AI Article Synopsis

  • Small interfering RNAs (siRNAs) are valuable for gene expression manipulation but face challenges like degradation and limited delivery efficiency.
  • This study tested three lipid-substituted polyethylenimine (PEI) carriers (Leu-Fect A-C) for delivering siRNAs to various organs, including tumors, in mice.
  • The results showed that these carriers effectively delivered siRNAs, especially in lung and spleen tissues, with Leu-Fect A showing the best distribution, suggesting potential for clinical applications in siRNA therapies.

Article Abstract

Small interfering RNAs (siRNAs) have emerged as a powerful tool to manipulate gene expression . However, their potential therapeutic application encounters significant challenges, such as degradation limited cellular uptake, and restricted biodistribution, among others.

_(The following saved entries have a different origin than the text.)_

(* Proof plan.  Write (x, y, z) for (x_1, x_2, x_3) and (a, b) for (alpha,    *)
(* beta).  The Kahan system of adj3 a b is a linear system M(x) xt = x whose  *)
(* determinant D and Cramer numerators N_k are explicit polynomials with      *)
(* D(0) = 1; hence its unique solution is xt_k = N_k / D.  By the quotient    *)
(* rule d_p xt_k = U_kp / D^2 with U_kp = (d_p N_k) D - N_k (d_p D), so       *)
(*      {xt_i, xt_j} - a_ij xt_i xt_j = E_ij / D^4                            *)
(* for an explicit polynomial E_ij (the "defect"), and the Kahan-Poisson      *)
(* property is equivalent to E_ij = 0 in F[x, y, z] for all i, j.             *)
(*   All these polynomials are written once as ring expressions in (a, b, x,  *)
(* y, z) over an arbitrary commutative ring, so that they can be specialised  *)
(* along ring morphisms.  Sufficiency: for the six listed pairs each E_ij     *)
(* vanishes identically (a ring identity).  Necessity: along the curves       *)
(* (t, t^2, t^2) and (t^2, t, t^2) the lowest order terms of E_12 and E_02    *)
(* are 2 (a^3 - a) t^7 and 2 (b - b^3) t^7, so a, b are in {0, 1, -1}; of     *)
(* the nine resulting pairs, the three bad ones are ruled out by evaluating   *)
(* some E_ij at one integer point, where it is a nonzero integer.             *)

Section KahanPolynomials.
Variable R : comPzRingType.
Implicit Types (a b x y z t : R) (k p i j : nat).

(* The Kahan system of adj3 a b reads M t = (x, y, z) with
   M = [:: [:: 1 - y - a z, - x, - a x];
           [:: y, 1 + x - b z, - b y];
           [:: a z, b z, 1 + a x + b y]].
   kahan_den is det M, kahan_num k the Cramer numerator of t_k, and
   kahan_adj k i the (k, i) entry of the adjugate of M. *)
Definition kahan_den a b x y z : R :=
  1 - b*z - a*z + a*b*z*z - y + b*y + b*y*z - a*b*y*z - b*y*y + x + a*x
  - a*x*z - a*b*x*z + b*x*y - a*x*y + a*x*x.

Definition kahan_num k a b x y z : R :=
  match k with
  | 0 => x - b*x*z + a*x*z - a*b*x*z*z + x*y + b*x*y + b*x*y*z - a*b*x*y*z
         + b*x*y*y + x*x + a*x*x + a*x*x*z - a*b*x*x*z + b*x*x*y + a*x*x*y
         + a*x*x*x
  | 1 => y + b*y*z - a*y*z - a*b*y*z*z - y*y + b*y*y - b*y*y*z - a*b*y*y*z
         - b*y*y*y - x*y + a*x*y - a*x*y*z - a*b*x*y*z - b*x*y*y - a*x*y*y
         - a*x*x*y
  | _ => z - b*z*z - a*z*z + a*b*z*z*z - y*z - b*y*z + b*y*z*z + a*b*y*z*z
         + b*y*y*z + x*z - a*x*z - a*x*z*z + a*b*x*z*z + b*x*y*z - a*x*y*z
         - a*x*x*z
  end.

Definition kahan_adj k i a b x y z : R :=
  match k, i with
  | 0, 0 => 1 - b*z + b*y + x + a*x - a*b*x*z + b*x*y + a*x*x
  | 0, 1 => x - a*b*x*z + b*x*y + a*x*x
  | 0, _ => a*x - a*b*x*z + b*x*y + a*x*x
  | 1, 0 => - y - a*b*y*z - b*y*y - a*x*y
  | 1, 1 => 1 - a*z - y + b*y - a*b*y*z - b*y*y + a*x - a*x*y
  | 1, _ => b*y - a*b*y*z - b*y*y - a*x*y
  | _, 0 => - a*z + a*b*z*z + b*y*z - a*x*z
  | _, 1 => - b*z + a*b*z*z + b*y*z - a*x*z
  | _, _ => 1 - b*z - a*z + a*b*z*z - y + b*y*z + x - a*x*z
  end.

Definition kahan_den_d p a b x y z : R :=
  match p with
  | 0 => 1 + a - a*z - a*b*z + b*y - a*y + 2*a*x
  | 1 => - 1 + b + b*z - a*b*z - 2*b*y + b*x - a*x
  | _ => - b - a + 2*a*b*z + b*y - a*b*y - a*x - a*b*x
  end.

This study evaluates the siRNA delivery efficiency of three different lipid-substituted polyethylenimine (PEI)-based carriers, named Leu-Fect A-C, to different organs , including xenograft tumors, when injected into the bloodstream of mice. The siRNA analysis was undertaken by stem-loop RT-PCR, followed by qPCR or digital droplet PCR. Formulating siRNAs with a Leu-Fect series of carriers generated nanoparticles that effectively delivered the siRNAs into K652 and MV4-11 cells, both models of leukemia. The Leu-Fect carriers were able to successfully deliver BCR-Abl and FLT3 siRNAs into leukemia xenograft tumors in mice. All three carriers demonstrated significantly enhanced siRNA delivery into organs other than the liver, including the xenograft tumors. Preferential biodistribution of siRNAs was observed in the lungs and spleen. Among the delivery systems, Leu-Fect A exhibited the highest biodistribution into organs. In conclusion, lipid-substituted PEI-based delivery systems offer improvements in addressing pharmacokinetic challenges associated with siRNA-based therapies, thus opening avenues for their potential translation into clinical practice.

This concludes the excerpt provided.